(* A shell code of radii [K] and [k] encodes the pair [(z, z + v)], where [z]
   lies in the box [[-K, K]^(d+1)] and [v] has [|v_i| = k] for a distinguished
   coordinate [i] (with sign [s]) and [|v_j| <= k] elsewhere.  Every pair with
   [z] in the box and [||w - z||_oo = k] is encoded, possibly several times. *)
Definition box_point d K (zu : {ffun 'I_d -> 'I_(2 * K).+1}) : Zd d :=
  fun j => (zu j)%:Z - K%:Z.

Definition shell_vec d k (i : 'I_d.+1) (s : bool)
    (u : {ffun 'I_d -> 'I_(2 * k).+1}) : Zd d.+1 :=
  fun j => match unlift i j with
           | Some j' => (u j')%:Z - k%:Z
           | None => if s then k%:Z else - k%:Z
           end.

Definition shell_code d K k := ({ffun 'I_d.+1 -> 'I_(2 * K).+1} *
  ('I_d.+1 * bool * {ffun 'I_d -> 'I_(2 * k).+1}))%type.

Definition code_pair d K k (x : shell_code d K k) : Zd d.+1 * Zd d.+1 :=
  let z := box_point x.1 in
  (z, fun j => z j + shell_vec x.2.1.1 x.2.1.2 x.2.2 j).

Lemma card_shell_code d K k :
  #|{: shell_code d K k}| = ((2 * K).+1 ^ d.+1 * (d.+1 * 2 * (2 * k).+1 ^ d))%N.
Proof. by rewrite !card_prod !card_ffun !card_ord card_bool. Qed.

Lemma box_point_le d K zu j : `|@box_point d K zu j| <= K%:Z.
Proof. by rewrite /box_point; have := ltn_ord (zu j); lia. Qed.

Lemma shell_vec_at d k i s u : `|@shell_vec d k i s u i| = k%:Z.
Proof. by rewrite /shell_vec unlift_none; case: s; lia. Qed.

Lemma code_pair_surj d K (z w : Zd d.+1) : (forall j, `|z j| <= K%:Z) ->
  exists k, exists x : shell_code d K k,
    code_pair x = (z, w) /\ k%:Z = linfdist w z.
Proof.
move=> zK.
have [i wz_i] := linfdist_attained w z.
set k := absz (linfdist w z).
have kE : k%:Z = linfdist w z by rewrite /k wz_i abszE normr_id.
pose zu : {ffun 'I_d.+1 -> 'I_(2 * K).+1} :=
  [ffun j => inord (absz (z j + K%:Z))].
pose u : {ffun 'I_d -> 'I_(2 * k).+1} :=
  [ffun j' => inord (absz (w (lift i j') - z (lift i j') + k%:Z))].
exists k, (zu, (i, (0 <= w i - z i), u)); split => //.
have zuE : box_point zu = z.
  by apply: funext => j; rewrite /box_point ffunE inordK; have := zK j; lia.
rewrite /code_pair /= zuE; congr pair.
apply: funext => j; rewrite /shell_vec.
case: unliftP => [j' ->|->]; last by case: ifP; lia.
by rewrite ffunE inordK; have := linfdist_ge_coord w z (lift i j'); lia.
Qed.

__________________________________________________

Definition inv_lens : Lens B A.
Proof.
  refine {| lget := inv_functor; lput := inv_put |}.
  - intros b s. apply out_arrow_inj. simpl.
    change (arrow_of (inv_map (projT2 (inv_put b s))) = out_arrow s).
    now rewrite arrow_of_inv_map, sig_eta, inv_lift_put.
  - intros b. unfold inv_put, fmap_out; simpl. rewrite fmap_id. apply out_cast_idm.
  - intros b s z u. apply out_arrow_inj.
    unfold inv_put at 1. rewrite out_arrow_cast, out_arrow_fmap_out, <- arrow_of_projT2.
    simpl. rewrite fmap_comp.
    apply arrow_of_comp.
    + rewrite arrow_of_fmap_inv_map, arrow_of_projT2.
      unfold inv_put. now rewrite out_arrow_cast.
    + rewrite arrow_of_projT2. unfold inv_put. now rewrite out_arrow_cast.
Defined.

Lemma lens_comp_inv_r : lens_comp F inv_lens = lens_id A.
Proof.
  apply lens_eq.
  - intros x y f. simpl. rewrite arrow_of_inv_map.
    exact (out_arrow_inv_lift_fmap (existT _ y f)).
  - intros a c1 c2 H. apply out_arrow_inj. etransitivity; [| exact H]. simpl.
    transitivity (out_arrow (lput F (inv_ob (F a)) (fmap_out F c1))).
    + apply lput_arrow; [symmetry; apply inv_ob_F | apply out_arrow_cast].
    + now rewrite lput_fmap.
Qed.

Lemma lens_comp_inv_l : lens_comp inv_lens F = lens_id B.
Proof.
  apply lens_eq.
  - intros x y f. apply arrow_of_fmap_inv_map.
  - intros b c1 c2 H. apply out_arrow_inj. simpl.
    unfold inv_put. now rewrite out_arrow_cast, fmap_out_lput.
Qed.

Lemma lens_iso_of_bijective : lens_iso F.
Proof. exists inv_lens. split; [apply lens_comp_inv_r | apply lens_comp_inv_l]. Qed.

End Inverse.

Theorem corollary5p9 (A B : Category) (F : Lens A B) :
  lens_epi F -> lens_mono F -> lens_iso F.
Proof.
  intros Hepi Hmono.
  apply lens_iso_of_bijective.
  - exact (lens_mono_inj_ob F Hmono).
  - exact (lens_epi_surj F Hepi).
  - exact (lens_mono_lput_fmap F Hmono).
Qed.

__________________________________________________

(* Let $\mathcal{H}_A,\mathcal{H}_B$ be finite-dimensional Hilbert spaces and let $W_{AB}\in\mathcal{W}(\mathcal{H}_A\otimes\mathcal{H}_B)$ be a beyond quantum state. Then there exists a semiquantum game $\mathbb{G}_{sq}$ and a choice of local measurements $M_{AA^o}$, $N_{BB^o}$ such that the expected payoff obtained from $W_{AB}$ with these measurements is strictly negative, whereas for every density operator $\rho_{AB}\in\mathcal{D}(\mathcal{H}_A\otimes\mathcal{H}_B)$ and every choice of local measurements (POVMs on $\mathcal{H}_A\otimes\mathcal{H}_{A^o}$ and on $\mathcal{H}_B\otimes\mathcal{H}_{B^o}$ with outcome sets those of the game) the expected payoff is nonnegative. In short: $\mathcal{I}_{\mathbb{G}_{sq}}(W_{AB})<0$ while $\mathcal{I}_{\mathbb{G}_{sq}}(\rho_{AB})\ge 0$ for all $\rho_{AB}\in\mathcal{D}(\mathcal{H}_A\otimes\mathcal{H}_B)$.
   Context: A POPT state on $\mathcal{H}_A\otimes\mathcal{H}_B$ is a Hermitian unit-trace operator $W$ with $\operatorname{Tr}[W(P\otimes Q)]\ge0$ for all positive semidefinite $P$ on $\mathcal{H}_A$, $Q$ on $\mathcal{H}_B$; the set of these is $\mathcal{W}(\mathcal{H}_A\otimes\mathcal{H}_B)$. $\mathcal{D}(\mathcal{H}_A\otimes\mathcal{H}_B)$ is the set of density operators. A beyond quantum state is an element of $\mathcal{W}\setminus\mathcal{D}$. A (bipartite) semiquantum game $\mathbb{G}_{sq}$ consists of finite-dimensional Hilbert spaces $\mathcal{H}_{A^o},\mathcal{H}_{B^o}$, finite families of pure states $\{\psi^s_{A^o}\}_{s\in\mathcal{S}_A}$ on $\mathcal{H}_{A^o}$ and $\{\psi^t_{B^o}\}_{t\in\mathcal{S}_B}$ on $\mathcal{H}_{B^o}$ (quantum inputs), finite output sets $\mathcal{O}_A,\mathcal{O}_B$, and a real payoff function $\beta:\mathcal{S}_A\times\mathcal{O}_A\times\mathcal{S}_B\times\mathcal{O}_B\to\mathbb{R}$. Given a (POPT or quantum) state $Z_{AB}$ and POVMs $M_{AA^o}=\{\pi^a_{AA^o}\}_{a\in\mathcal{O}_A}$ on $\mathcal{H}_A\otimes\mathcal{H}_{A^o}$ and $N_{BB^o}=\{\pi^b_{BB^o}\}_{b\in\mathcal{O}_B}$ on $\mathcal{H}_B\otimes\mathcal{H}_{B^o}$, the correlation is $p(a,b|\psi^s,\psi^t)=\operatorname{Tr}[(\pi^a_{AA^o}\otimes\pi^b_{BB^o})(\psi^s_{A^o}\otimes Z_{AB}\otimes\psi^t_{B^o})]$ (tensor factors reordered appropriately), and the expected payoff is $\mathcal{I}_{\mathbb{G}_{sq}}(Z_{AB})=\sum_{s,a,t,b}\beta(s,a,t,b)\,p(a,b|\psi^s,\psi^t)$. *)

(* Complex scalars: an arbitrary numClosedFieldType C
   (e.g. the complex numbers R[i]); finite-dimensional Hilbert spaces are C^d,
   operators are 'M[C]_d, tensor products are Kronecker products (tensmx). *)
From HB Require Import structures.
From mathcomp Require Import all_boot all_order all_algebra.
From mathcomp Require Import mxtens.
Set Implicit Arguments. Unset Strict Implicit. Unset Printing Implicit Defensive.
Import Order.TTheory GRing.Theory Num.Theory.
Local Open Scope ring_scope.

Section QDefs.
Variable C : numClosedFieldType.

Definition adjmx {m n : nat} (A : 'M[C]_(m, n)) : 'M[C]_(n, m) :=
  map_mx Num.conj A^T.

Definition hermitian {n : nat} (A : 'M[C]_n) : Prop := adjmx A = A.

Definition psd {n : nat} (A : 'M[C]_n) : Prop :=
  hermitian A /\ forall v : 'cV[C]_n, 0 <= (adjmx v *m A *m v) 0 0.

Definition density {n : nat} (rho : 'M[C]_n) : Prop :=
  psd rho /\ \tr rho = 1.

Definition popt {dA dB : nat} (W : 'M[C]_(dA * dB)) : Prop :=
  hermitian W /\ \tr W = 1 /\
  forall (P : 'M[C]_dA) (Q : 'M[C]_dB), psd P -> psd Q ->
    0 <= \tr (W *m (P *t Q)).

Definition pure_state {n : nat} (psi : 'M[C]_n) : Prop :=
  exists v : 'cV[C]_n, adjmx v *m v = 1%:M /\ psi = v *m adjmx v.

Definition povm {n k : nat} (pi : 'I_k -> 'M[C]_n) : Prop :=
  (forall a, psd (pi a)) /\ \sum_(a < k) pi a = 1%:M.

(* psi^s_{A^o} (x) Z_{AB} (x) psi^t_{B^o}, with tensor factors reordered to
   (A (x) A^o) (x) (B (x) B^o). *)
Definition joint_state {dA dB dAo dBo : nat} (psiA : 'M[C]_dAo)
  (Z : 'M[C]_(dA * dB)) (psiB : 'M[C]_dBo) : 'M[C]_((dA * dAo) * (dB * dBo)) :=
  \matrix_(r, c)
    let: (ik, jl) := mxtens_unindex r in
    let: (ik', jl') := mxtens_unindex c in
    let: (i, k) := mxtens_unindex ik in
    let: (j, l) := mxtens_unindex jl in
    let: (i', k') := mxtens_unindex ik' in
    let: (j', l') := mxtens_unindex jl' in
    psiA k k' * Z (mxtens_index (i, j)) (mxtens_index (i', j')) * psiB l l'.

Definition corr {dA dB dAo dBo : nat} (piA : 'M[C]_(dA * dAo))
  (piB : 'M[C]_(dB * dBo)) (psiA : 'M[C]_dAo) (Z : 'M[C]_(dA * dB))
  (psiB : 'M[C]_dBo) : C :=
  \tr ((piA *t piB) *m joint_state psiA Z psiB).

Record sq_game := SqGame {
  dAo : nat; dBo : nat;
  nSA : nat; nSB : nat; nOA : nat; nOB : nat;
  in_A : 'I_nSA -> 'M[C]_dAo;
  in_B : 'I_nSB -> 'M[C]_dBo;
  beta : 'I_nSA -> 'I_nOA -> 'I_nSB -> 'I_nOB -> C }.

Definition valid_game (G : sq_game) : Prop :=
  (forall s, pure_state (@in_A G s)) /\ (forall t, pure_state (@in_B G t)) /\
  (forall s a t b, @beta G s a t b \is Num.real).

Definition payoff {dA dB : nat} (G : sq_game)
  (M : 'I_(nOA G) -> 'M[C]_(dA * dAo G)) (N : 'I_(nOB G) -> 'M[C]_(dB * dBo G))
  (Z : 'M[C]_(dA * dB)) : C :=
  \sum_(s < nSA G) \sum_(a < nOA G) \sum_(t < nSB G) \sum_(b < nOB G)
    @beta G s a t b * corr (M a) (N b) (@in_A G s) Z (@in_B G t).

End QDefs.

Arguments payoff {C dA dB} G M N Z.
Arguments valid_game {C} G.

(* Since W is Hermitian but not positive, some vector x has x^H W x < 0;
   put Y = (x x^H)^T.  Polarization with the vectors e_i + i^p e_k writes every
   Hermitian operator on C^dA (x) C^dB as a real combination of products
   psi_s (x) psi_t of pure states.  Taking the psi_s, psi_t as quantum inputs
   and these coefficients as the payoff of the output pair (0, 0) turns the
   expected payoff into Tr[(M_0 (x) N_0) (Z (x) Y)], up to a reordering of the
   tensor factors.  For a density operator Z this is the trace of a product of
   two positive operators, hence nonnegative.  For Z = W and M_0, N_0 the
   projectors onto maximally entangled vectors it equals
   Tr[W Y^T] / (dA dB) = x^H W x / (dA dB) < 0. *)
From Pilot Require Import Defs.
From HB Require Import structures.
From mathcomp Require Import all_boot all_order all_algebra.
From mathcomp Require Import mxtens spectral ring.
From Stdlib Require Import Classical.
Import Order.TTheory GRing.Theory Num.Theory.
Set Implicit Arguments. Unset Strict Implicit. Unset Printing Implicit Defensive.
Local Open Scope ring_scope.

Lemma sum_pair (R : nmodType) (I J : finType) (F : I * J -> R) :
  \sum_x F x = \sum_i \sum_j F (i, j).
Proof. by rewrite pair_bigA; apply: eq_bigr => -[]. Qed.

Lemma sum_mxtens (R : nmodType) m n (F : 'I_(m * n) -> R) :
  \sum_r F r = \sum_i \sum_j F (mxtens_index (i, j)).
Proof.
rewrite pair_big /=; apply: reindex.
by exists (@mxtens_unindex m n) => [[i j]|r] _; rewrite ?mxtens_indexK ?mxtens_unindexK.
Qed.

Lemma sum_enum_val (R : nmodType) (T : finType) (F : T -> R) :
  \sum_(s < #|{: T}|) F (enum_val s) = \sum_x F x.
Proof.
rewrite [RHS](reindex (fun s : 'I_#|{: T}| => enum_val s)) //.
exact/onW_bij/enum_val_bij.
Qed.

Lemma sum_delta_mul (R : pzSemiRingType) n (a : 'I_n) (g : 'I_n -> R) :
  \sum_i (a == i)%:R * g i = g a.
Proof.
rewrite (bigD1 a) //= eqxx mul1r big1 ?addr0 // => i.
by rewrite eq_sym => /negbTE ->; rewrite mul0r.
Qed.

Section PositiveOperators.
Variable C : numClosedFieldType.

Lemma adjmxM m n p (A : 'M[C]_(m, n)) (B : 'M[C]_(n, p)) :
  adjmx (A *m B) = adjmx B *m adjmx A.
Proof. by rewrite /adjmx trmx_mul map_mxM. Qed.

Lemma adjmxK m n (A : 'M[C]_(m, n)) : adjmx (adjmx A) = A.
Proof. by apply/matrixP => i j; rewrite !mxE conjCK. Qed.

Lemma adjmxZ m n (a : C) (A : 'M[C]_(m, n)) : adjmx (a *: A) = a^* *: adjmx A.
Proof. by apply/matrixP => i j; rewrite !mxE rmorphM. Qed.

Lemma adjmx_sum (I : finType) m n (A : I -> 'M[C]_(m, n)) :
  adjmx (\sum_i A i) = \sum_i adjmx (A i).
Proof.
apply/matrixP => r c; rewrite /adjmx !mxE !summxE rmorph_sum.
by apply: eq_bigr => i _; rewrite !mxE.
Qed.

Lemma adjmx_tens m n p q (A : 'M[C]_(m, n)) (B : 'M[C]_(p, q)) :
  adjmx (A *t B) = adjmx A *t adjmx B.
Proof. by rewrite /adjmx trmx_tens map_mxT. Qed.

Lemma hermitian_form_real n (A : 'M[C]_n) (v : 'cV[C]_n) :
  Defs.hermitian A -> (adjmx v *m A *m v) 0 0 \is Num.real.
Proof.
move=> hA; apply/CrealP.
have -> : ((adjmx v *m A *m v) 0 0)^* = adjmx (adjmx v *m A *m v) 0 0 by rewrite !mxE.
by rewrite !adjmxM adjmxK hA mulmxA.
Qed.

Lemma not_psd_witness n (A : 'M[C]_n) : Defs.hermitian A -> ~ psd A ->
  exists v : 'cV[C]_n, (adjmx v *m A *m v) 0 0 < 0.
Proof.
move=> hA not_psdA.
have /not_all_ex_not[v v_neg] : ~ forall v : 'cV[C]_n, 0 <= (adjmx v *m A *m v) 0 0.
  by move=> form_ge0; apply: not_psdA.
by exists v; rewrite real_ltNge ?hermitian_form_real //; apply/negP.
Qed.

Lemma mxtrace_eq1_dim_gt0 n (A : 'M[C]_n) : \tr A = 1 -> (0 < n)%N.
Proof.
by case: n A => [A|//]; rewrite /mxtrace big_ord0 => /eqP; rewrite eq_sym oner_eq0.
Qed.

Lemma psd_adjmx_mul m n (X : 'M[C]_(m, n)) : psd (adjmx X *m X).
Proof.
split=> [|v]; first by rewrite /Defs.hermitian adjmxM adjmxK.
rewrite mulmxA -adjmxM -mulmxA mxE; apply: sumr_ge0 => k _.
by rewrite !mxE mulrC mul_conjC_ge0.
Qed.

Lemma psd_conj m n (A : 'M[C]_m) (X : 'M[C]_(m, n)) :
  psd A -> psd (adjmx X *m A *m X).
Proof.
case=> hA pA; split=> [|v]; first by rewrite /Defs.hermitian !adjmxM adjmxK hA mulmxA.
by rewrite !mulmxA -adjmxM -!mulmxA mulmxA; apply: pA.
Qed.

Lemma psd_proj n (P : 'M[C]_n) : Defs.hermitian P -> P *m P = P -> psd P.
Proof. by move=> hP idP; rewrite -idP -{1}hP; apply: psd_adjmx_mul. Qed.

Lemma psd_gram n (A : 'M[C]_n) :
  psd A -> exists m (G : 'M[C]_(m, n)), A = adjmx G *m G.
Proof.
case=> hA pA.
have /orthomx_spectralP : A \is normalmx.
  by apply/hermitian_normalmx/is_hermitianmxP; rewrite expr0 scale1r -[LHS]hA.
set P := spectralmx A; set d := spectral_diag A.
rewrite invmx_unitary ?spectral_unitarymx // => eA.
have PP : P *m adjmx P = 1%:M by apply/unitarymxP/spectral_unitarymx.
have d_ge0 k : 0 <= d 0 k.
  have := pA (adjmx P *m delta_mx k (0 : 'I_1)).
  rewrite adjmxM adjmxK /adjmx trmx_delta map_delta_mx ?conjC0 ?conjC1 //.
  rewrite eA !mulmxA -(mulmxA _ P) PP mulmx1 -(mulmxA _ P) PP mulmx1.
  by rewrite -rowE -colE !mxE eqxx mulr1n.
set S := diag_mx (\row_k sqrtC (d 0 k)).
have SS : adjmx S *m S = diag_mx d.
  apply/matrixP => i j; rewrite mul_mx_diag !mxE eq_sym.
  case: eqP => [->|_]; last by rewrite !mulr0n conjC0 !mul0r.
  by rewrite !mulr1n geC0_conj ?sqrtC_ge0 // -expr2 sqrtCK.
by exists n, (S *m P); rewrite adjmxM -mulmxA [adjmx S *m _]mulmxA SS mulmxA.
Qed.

__________________________________________________

▶ [Exercise]: Please go through the data and copy each line containing the word "Arguments".

▶ [Output]:
Set Implicit Arguments. Unset Strict Implicit. Unset Printing Implicit Defensive.
Arguments payoff {C dA dB} G M N Z.
Arguments valid_game {C} G.
Set Implicit Arguments. Unset Strict Implicit. Unset Printing Implicit Defensive.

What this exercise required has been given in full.